### EXERCISE GOAL
Where the listing below has a line with "rewrite -sum1_card (eq_bigl", write out exactly that line and every line after it, stopping after the line with "have [j0 vj0_neq0] : exists j, v 0 j != 0.".
DATA SHOWN Start Marker
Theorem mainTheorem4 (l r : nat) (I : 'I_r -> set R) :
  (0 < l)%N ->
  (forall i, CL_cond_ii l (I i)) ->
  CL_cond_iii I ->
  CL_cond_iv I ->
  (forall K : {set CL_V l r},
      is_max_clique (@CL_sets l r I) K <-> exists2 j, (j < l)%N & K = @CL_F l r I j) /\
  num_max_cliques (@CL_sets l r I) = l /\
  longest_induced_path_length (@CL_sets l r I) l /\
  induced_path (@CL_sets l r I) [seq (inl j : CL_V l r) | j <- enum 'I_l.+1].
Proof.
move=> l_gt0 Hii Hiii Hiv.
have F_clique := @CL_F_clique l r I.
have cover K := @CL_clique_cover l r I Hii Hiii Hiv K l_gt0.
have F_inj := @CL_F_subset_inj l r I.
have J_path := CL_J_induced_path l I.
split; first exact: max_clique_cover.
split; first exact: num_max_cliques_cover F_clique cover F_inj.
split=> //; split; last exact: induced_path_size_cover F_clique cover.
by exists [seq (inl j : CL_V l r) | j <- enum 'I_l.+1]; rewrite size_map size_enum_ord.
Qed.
DATA SHOWN End Marker
DATA SHOWN Start Marker
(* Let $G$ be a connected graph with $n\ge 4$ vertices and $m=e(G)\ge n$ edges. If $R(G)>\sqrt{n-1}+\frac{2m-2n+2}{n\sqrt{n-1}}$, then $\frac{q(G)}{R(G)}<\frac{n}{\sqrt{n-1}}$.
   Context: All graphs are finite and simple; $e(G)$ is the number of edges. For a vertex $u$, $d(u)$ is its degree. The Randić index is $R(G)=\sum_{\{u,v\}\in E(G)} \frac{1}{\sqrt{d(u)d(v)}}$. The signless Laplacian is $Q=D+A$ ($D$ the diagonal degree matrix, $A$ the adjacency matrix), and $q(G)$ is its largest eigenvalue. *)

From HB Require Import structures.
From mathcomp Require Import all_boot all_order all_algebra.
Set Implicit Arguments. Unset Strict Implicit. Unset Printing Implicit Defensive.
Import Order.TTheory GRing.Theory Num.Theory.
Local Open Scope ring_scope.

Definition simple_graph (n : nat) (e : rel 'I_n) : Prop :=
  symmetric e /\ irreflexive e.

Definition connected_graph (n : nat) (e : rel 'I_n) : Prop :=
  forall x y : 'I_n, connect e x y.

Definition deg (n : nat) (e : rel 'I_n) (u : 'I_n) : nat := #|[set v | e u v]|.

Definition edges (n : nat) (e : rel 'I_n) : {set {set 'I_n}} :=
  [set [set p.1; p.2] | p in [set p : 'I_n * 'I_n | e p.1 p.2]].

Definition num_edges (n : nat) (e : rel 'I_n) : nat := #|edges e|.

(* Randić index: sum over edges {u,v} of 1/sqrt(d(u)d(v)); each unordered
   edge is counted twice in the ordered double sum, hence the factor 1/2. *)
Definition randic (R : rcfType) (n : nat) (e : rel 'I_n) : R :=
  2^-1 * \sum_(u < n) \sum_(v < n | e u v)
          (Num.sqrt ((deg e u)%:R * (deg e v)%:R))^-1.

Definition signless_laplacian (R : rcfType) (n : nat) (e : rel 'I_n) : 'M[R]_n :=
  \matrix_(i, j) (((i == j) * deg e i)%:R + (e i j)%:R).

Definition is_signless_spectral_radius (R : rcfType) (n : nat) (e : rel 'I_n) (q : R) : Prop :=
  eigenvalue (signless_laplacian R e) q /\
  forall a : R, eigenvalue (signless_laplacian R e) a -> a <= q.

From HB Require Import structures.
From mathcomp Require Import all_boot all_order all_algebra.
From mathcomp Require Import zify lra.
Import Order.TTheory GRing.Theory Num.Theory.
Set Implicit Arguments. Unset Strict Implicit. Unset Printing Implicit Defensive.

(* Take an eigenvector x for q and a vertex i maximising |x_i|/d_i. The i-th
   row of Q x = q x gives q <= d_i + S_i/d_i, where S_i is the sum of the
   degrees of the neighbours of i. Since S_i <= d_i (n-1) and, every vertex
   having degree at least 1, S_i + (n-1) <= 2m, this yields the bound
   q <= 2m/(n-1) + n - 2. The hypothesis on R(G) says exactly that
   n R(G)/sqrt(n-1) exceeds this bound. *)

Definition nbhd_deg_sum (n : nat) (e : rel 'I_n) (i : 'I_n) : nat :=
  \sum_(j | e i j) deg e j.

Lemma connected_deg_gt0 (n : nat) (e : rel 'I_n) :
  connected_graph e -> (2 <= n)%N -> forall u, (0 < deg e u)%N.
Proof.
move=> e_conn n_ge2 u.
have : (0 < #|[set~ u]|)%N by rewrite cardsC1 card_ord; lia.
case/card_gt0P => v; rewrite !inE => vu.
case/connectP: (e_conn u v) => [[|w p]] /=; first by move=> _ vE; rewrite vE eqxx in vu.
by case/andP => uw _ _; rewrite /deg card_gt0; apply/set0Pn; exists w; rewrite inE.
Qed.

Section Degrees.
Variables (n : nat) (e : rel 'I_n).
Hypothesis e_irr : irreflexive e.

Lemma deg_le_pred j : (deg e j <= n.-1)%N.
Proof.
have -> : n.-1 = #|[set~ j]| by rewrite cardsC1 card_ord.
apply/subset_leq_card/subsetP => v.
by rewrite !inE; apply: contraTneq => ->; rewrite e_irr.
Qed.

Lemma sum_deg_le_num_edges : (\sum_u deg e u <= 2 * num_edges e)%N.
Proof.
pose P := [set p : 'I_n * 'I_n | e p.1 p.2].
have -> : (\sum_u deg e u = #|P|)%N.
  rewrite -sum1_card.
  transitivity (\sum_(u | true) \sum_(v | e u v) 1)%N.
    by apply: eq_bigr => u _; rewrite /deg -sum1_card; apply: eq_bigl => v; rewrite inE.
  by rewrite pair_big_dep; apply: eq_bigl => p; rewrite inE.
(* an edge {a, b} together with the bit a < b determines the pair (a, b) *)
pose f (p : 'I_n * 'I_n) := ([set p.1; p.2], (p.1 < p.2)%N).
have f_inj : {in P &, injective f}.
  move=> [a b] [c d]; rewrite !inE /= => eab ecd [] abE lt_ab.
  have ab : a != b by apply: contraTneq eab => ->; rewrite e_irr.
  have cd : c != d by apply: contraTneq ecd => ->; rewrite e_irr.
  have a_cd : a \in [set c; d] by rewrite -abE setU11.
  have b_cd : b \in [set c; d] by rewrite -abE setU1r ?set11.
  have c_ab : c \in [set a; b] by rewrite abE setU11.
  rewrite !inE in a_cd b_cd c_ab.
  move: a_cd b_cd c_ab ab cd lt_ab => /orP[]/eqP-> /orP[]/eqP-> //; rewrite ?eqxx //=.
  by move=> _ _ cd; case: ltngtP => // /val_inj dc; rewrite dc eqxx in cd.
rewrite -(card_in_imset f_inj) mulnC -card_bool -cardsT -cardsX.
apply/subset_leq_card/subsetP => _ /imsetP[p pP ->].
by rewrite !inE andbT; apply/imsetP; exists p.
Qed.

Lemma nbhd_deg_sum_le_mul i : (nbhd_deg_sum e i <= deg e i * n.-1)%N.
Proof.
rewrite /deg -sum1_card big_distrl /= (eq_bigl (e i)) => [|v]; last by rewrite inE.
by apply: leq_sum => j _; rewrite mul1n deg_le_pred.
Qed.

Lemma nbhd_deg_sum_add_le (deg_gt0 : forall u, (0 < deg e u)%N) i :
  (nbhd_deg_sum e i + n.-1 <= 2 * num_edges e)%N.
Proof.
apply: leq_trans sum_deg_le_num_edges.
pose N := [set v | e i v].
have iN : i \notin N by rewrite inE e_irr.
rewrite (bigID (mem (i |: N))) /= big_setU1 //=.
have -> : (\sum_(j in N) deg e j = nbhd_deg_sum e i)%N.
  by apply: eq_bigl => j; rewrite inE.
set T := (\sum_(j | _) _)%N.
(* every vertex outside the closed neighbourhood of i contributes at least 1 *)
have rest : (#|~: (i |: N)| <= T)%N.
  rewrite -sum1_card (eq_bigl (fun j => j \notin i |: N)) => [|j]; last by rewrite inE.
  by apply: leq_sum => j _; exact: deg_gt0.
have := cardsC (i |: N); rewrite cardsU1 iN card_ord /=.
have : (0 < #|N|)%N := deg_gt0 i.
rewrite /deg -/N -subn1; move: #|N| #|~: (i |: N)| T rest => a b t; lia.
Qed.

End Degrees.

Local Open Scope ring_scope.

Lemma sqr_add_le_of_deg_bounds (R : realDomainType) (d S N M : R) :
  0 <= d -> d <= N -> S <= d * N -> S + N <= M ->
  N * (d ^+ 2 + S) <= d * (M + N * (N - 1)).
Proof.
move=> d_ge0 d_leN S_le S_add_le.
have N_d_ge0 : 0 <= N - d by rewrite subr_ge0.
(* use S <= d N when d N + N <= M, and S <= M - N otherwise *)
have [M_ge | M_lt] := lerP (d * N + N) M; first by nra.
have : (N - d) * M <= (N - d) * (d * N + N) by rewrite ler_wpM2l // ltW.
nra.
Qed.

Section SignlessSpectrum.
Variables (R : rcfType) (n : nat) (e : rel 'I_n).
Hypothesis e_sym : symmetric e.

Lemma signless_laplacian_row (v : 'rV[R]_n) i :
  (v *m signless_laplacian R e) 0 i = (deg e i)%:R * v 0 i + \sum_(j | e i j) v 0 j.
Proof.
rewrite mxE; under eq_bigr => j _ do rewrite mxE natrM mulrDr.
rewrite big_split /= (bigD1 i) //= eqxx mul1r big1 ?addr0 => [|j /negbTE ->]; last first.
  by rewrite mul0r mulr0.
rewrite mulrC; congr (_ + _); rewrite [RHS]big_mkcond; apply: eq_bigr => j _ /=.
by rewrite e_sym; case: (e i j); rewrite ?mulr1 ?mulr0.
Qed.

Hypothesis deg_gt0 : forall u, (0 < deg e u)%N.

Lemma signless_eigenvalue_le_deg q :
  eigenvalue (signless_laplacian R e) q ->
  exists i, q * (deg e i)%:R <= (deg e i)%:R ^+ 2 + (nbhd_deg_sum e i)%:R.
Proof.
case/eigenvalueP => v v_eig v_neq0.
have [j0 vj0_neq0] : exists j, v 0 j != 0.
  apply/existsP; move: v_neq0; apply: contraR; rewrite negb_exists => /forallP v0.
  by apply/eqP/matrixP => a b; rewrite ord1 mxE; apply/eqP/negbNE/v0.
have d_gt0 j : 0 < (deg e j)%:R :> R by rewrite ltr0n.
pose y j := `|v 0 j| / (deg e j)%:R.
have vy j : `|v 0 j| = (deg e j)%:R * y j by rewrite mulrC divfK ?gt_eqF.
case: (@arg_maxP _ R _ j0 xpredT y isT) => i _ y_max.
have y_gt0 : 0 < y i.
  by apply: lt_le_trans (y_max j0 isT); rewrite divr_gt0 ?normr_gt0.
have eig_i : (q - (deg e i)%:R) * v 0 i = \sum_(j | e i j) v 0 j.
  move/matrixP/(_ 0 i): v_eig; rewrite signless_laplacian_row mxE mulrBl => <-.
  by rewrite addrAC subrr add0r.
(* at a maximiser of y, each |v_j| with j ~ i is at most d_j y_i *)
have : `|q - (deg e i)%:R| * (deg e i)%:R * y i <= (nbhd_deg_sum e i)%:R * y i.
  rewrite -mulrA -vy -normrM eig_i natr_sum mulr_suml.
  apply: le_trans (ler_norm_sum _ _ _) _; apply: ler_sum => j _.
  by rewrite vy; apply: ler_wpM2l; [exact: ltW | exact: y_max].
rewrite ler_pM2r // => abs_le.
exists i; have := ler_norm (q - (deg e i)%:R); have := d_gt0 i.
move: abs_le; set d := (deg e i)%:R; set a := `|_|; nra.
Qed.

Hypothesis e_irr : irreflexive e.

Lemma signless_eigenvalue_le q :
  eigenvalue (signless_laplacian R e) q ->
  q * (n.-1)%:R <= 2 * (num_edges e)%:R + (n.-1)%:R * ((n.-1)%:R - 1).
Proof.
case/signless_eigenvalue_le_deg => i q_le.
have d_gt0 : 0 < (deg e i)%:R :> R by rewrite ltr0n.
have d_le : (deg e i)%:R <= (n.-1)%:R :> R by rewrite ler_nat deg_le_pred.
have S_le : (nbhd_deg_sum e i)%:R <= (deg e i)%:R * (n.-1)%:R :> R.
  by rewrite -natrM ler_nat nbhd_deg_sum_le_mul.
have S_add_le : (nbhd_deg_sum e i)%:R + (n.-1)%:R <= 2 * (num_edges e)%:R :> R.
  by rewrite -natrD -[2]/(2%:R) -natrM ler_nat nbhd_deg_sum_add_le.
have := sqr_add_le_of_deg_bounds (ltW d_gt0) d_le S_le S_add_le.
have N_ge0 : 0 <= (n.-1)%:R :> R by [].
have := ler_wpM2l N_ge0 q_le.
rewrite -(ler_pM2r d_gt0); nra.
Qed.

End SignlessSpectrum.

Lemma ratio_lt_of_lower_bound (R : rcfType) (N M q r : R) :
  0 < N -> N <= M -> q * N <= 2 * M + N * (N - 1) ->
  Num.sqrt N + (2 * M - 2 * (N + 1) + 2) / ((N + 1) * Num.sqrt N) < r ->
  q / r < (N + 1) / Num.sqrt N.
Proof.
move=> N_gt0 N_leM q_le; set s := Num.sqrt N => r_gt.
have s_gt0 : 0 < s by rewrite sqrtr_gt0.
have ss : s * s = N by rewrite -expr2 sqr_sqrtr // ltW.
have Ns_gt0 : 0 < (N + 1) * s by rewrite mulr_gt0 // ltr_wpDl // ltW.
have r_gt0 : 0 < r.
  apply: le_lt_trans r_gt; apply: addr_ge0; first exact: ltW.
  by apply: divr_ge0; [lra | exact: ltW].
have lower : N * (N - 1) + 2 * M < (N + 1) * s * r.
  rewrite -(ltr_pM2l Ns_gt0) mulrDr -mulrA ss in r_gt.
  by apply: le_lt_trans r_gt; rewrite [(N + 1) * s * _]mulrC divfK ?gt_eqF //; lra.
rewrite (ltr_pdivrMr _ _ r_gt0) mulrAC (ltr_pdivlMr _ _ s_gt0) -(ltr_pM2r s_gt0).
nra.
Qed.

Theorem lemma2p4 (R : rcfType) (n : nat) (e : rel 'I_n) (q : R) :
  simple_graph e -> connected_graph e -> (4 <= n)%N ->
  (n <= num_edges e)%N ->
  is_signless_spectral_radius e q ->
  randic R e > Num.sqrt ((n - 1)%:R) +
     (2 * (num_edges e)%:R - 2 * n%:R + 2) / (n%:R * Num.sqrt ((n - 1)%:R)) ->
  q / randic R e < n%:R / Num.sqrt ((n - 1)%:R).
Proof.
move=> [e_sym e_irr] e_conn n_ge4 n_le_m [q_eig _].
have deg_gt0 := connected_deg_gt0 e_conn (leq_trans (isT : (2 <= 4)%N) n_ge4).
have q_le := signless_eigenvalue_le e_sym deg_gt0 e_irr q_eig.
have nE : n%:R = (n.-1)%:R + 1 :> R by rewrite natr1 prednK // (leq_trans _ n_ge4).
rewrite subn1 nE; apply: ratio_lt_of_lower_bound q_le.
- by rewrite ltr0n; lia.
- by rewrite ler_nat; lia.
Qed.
DATA SHOWN End Marker
### OUTPUT FOR THIS TASK
  rewrite -sum1_card (eq_bigl (fun j => j \notin i |: N)) => [|j]; last by rewrite inE.
  by apply: leq_sum => j _; exact: deg_gt0.
have := cardsC (i |: N); rewrite cardsU1 iN card_ord /=.
have : (0 < #|N|)%N := deg_gt0 i.
rewrite /deg -/N -subn1; move: #|N| #|~: (i |: N)| T rest => a b t; lia.
Qed.

End Degrees.

Local Open Scope ring_scope.

Lemma sqr_add_le_of_deg_bounds (R : realDomainType) (d S N M : R) :
  0 <= d -> d <= N -> S <= d * N -> S + N <= M ->
  N * (d ^+ 2 + S) <= d * (M + N * (N - 1)).
Proof.
move=> d_ge0 d_leN S_le S_add_le.
have N_d_ge0 : 0 <= N - d by rewrite subr_ge0.
(* use S <= d N when d N + N <= M, and S <= M - N otherwise *)
have [M_ge | M_lt] := lerP (d * N + N) M; first by nra.
have : (N - d) * M <= (N - d) * (d * N + N) by rewrite ler_wpM2l // ltW.
nra.
Qed.

Section SignlessSpectrum.
Variables (R : rcfType) (n : nat) (e : rel 'I_n).
Hypothesis e_sym : symmetric e.

Lemma signless_laplacian_row (v : 'rV[R]_n) i :
  (v *m signless_laplacian R e) 0 i = (deg e i)%:R * v 0 i + \sum_(j | e i j) v 0 j.
Proof.
rewrite mxE; under eq_bigr => j _ do rewrite mxE natrM mulrDr.
rewrite big_split /= (bigD1 i) //= eqxx mul1r big1 ?addr0 => [|j /negbTE ->]; last first.
  by rewrite mul0r mulr0.
rewrite mulrC; congr (_ + _); rewrite [RHS]big_mkcond; apply: eq_bigr => j _ /=.
by rewrite e_sym; case: (e i j); rewrite ?mulr1 ?mulr0.
Qed.

Hypothesis deg_gt0 : forall u, (0 < deg e u)%N.

Lemma signless_eigenvalue_le_deg q :
  eigenvalue (signless_laplacian R e) q ->
  exists i, q * (deg e i)%:R <= (deg e i)%:R ^+ 2 + (nbhd_deg_sum e i)%:R.
Proof.
case/eigenvalueP => v v_eig v_neq0.
have [j0 vj0_neq0] : exists j, v 0 j != 0.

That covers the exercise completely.